● **Exercise details**: Tally the lines below that include the string "distinct". Reply with the total only.

(Collected data)
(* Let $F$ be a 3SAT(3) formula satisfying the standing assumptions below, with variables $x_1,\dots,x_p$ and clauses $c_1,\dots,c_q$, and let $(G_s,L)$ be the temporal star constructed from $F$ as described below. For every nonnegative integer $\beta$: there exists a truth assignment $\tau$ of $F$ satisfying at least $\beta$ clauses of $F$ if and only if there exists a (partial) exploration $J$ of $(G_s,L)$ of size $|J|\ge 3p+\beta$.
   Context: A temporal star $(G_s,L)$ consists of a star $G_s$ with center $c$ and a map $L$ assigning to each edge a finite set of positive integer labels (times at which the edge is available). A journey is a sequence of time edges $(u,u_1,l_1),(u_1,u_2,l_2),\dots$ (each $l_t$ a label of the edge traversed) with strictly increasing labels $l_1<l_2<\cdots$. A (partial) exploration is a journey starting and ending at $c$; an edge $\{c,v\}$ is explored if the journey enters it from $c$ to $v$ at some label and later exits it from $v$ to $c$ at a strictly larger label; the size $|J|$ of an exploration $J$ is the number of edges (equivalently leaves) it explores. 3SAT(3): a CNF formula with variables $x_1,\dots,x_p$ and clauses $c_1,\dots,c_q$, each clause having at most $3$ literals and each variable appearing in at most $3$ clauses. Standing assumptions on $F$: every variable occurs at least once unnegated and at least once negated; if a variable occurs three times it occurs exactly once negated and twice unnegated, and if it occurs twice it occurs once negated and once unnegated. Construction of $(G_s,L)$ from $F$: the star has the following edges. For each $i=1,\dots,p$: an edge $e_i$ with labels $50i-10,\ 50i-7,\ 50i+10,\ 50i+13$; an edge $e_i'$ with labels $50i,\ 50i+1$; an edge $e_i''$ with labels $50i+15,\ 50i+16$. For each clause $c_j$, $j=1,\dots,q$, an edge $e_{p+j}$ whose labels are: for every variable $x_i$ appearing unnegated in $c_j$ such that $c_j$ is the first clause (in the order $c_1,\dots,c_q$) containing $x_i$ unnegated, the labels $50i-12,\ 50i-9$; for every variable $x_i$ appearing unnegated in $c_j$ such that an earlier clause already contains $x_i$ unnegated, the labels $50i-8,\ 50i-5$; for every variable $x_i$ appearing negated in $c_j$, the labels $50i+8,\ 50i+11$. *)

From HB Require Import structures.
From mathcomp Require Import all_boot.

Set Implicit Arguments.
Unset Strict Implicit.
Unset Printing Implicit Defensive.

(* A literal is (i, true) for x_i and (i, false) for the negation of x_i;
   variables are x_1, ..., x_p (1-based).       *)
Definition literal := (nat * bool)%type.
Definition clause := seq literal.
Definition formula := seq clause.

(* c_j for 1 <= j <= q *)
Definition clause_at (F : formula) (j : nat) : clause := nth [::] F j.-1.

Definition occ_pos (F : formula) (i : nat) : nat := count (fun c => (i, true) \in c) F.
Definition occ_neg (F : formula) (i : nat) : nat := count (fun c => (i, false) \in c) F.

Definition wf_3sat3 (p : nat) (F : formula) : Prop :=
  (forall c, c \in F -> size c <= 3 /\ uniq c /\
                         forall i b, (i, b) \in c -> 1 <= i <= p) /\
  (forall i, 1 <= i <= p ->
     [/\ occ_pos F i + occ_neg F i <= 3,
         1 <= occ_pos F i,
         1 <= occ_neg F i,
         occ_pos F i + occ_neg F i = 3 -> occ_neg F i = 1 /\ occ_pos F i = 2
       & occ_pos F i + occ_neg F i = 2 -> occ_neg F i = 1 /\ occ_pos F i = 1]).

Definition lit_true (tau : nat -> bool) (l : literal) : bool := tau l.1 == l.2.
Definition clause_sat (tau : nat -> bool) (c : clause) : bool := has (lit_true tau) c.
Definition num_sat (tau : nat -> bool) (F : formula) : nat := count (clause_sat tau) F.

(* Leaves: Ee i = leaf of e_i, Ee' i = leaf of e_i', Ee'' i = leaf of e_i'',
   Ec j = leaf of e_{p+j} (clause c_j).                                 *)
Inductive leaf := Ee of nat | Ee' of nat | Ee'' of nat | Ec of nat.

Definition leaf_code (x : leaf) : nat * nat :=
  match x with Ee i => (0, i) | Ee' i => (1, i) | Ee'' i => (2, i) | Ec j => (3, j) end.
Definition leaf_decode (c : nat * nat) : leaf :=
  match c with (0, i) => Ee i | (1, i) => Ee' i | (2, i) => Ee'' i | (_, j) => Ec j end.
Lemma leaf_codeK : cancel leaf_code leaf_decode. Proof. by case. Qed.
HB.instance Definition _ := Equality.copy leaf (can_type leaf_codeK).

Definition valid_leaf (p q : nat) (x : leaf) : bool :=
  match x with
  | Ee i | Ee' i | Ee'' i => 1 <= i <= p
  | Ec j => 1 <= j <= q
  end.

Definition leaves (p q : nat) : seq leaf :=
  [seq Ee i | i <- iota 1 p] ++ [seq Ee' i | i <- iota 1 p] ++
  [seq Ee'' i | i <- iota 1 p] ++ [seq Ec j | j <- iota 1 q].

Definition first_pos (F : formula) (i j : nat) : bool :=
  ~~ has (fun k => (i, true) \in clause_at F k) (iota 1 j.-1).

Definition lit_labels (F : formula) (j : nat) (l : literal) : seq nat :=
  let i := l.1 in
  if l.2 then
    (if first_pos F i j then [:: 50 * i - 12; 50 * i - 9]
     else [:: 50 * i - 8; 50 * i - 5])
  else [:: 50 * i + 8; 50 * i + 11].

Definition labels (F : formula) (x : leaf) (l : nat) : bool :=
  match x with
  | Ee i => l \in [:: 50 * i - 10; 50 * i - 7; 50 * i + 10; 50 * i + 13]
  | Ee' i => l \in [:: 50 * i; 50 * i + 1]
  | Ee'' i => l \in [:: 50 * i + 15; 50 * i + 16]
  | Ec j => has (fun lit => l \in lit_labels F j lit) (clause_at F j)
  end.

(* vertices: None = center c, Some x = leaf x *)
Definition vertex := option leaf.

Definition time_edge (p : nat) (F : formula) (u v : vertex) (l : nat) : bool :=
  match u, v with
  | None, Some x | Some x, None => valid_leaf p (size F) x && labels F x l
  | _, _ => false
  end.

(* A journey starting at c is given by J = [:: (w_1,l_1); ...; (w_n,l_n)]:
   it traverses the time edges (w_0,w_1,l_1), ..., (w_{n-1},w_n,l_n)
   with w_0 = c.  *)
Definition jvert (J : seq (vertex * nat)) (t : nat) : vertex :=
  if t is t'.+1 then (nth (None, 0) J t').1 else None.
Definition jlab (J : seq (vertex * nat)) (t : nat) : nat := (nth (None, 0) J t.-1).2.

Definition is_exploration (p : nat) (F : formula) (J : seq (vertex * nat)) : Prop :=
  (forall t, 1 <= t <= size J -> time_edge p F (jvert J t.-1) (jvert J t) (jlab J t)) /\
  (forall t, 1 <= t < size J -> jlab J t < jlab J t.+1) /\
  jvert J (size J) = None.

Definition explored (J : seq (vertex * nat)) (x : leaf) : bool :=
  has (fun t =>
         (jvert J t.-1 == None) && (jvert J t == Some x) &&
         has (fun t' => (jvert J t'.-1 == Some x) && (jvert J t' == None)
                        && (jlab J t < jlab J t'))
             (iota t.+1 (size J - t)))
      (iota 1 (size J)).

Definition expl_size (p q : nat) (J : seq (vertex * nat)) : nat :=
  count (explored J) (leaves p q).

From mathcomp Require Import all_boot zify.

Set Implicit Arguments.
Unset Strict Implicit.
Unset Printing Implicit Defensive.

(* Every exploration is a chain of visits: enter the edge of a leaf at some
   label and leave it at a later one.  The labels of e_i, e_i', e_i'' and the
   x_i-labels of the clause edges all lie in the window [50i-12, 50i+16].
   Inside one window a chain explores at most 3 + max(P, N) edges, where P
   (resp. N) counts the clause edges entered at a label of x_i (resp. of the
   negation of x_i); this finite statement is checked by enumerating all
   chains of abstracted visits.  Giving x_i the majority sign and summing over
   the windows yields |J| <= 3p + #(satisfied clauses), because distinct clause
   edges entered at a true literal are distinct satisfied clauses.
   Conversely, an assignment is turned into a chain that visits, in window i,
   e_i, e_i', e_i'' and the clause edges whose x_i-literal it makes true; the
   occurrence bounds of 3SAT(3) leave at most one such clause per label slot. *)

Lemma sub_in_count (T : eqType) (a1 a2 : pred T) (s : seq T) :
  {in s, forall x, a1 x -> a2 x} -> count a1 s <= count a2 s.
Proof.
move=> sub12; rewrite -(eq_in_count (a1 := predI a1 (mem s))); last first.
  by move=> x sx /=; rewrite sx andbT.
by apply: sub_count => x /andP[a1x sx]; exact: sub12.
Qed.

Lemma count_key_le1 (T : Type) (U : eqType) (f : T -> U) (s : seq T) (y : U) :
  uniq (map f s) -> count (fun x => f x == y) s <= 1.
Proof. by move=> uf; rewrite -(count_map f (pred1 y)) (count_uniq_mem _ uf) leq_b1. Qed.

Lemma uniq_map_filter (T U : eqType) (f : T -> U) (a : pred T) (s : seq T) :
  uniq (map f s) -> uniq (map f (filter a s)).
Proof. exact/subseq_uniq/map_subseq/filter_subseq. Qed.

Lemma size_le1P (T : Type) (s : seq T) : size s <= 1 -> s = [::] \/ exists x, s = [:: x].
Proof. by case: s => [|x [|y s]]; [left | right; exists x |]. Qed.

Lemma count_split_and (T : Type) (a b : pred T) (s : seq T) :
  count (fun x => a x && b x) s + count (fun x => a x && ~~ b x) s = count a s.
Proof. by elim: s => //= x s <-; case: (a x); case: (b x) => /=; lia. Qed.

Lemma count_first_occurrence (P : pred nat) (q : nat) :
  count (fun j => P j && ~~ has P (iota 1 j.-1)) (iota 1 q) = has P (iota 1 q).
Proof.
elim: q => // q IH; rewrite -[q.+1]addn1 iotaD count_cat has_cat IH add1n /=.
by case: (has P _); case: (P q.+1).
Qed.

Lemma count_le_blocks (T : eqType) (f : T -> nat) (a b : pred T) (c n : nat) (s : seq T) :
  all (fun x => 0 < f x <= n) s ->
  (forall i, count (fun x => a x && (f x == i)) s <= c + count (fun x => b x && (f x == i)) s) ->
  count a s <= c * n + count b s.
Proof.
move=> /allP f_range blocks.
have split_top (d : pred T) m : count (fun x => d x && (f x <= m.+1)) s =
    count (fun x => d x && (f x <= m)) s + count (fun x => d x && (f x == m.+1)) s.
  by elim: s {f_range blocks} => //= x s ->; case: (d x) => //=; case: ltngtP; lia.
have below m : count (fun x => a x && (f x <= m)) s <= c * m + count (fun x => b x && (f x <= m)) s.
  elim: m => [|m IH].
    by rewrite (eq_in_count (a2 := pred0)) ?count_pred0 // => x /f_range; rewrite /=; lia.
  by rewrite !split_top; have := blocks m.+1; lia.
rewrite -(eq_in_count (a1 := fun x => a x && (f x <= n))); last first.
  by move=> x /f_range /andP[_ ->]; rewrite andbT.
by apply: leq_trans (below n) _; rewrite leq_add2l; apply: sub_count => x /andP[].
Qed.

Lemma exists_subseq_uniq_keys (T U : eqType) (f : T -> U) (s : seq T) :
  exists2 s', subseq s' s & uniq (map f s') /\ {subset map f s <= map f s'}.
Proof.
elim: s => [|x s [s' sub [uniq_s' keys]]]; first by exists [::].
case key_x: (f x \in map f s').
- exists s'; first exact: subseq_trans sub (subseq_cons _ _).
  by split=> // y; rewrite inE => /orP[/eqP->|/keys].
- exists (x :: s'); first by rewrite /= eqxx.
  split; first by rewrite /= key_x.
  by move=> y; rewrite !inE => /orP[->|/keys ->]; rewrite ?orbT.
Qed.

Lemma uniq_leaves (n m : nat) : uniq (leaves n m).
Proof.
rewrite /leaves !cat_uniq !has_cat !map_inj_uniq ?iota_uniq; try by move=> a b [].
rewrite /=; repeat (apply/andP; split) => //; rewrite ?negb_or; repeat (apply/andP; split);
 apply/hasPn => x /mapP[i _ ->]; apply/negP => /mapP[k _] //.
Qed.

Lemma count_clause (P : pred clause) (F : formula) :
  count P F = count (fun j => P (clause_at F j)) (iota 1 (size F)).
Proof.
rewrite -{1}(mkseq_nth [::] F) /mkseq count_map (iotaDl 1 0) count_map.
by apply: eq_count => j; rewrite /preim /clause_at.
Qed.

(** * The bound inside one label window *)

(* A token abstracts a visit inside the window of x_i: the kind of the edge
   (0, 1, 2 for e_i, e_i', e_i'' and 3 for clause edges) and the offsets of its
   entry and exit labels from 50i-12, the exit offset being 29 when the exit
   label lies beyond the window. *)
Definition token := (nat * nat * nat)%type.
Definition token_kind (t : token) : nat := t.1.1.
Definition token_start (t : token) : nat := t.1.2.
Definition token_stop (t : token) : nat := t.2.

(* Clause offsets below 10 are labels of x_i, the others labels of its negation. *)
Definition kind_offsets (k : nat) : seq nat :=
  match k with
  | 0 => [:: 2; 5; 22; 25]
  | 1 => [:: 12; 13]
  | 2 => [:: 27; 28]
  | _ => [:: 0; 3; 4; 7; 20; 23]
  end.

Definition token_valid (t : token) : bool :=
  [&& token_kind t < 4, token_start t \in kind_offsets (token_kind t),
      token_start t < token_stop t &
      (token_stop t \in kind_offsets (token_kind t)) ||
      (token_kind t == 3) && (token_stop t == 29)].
==
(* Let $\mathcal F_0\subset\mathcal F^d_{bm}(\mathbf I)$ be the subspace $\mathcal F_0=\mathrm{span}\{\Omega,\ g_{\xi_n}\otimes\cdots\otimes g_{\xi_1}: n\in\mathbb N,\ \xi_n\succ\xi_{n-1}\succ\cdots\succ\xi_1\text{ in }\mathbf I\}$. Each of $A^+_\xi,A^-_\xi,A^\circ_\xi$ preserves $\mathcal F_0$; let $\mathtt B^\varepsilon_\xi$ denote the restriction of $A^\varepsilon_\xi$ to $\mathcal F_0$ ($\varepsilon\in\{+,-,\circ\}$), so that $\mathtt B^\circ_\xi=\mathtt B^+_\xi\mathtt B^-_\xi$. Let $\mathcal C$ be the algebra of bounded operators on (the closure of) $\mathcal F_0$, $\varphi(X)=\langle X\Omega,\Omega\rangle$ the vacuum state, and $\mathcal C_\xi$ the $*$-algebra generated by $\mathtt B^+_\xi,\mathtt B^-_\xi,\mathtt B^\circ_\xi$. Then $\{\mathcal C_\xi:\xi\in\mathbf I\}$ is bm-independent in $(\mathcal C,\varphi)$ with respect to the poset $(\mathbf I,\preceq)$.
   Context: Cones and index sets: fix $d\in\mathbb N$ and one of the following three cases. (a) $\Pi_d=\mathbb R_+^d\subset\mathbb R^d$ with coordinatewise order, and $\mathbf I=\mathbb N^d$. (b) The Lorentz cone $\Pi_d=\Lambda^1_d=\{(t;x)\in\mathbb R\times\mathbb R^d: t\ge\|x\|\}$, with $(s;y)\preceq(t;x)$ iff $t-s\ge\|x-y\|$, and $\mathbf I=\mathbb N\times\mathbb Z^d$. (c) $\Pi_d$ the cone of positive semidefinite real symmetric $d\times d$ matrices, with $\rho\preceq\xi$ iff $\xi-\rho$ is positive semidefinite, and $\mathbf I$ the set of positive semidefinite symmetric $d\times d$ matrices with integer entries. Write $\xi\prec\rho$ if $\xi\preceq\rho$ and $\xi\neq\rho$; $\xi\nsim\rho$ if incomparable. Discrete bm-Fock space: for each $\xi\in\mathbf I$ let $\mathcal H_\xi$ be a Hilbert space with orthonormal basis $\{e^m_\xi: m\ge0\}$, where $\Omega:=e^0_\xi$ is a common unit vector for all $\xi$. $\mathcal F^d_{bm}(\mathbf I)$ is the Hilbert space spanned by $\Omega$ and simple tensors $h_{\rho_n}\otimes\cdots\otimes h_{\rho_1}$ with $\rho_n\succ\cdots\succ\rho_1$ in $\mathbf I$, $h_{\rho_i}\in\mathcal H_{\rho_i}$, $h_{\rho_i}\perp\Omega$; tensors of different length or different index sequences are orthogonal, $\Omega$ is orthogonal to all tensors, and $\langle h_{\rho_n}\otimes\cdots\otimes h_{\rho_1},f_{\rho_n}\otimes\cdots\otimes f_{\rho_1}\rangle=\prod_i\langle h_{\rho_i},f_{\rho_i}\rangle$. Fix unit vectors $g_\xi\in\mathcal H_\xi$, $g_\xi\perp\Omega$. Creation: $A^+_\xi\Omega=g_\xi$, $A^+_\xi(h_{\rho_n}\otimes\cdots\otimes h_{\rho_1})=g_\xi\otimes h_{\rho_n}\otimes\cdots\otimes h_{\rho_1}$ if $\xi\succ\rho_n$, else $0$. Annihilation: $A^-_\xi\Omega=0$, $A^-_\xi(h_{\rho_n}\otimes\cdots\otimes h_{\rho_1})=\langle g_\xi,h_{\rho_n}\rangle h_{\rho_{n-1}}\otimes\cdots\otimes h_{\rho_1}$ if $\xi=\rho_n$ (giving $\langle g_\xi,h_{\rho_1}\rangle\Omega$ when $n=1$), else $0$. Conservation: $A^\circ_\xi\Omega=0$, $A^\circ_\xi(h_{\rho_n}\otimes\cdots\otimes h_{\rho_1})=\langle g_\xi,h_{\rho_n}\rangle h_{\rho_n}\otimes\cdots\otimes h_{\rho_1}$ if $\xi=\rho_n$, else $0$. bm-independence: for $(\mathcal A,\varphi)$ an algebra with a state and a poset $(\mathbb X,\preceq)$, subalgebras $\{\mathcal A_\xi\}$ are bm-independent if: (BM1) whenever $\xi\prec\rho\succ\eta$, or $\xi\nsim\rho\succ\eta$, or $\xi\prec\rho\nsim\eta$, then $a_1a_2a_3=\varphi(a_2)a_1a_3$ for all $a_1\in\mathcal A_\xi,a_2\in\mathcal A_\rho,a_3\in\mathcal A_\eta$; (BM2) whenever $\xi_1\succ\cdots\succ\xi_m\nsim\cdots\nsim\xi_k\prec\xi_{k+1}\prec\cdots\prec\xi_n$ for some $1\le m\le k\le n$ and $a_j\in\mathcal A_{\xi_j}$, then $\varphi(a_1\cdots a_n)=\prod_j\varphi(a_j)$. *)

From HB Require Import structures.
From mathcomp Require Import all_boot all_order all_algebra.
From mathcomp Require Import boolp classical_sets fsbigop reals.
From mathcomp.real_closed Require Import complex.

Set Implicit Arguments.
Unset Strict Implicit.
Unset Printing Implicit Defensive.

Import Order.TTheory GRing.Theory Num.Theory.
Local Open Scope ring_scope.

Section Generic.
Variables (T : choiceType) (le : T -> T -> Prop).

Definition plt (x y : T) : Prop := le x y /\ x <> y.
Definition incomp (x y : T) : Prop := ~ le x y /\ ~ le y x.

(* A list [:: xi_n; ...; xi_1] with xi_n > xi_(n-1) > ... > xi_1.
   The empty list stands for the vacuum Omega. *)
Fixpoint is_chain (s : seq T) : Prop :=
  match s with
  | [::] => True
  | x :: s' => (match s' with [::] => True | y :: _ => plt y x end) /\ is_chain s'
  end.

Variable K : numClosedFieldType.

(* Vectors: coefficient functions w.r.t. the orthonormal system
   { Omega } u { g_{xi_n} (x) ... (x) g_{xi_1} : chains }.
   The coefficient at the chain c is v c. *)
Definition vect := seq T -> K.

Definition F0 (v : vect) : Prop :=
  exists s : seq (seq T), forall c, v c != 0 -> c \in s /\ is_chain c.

● **Task answer**: 2